Published: Saturday 18 July 2020
Eminent twin researcher, Associate Professor David Champion, has received the 2020 Australian Pain Society’s Distinguished Member Award for his outstanding contribution to better understanding of different pain conditions, especially in children.
“On behalf of all at Twins Research Australia, we congratulate David wholeheartedly on this well-deserved recognition. Few have contributed so broadly to the field of paediatric pain medicine, both clinically and in research,” said TRA Director, Professor John Hopper.
The twin family research of Dr Champion and his colleagues has focused on pain disorders of childhood and adolescence including growing pains, migraine, headache, recurrent abdominal pain, low back pain, and persistent chronic pain.
Discoveries through twin research
Findings from his team's research have contributed to better understanding of these disorders and improved diagnosis including:
• Growing pains, the most common primary pain disorder of early childhood, is genetically influenced.
• Restless legs syndrome in children and adolescents has two contrasting forms: painless and painful.
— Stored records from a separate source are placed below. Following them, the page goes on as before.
Lemma sum_f_R0_tail_bound (f g : nat -> R) lf lg m :
  (forall k, Rabs (f k) <= g k) -> infinite_sum f lf -> infinite_sum g lg ->
  Rabs (lf - sum_f_R0 f m) <= lg - sum_f_R0 g m.
Proof.
  intros Hfg Hf Hg.
  assert (Hdiff : forall K, (m <= K)%nat ->
    Rabs (sum_f_R0 f K - sum_f_R0 f m) <= sum_f_R0 g K - sum_f_R0 g m).
  { intros K HK. induction HK.
    - rewrite !Rminus_diag, Rabs_R0. lra.
    - rewrite !tech5. specialize (Hfg (S m0)).
      replace (sum_f_R0 f m0 + f (S m0) - sum_f_R0 f m)
        with ((sum_f_R0 f m0 - sum_f_R0 f m) + f (S m0)) by ring.
      eapply Rle_trans; [apply Rabs_triang|]. lra. }
  apply Rnot_lt_le. intros Hc.
  set (e := (Rabs (lf - sum_f_R0 f m) - (lg - sum_f_R0 g m)) / 3).
  destruct (Hf e ltac:(unfold e; lra)) as [N1 H1]. destruct (Hg e ltac:(unfold e; lra)) as [N2 H2].
  set (K := max m (max N1 N2)).
  specialize (H1 K ltac:(unfold K; lia)). specialize (H2 K ltac:(unfold K; lia)).
  specialize (Hdiff K ltac:(unfold K; lia)). unfold Rdist in H1, H2.
  assert (Rabs (lf - sum_f_R0 f m)
          <= Rabs (sum_f_R0 f K - lf) + Rabs (sum_f_R0 f K - sum_f_R0 f m)).
  { replace (lf - sum_f_R0 f m) with (- (sum_f_R0 f K - lf) + (sum_f_R0 f K - sum_f_R0 f m))
      by ring.
    eapply Rle_trans; [apply Rabs_triang|]. rewrite Rabs_Ropp. lra. }
  apply Rabs_def2 in H2. unfold e in *. lra.
Qed.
Dr Champion is currently undertaking a third twin family study to investigate if these two forms are replicated in adults.
• Further explained the longstanding association between growing pains and restless legs syndrome with the finding that one third of previously diagnosed cases of growing pains actually had the painful form of restless legs syndrome.
• Recurrent abdominal pain, a common primary pain disorder of early childhood, is genetically influenced.
• Paediatric migraine, just as with adult migraine, is genetically influenced.
• Dysmenorrhoea (menstruation pain) in adolescents is genetically influenced and associated with iron deficiency and restless legs syndrome.
• Iron deficiency in children and adolescents is genetically influenced and statistically predicts several pain disorders.
A lifetime of achievement
Following is an edited extract from Dr Champion’s award citation that appeared in the Australian Pain Society Newsletter, May 2020:
“Associate Professor David Champion AM has had a singular career. Well-known for his clinical evolution from rheumatologist to clinical pharmacologist to pain physician. In adult, and especially paediatric spheres, what distinguishes David is his remarkably long-term involvement in research while working full-time in private practice – a very uncommon combination in the modern era.
David established the modern Department of Rheumatology at St Vincent’s Hospital, Sydney, in 1974. Having trained also in paediatric rheumatology in the UK and the USA, David began a Paediatric Rheumatology Clinic at Prince of Wales/Sydney Children’s Hospital in 1975, collaborating with Professor John Ziegler and Dr John Feller, and continued that for about 35 years.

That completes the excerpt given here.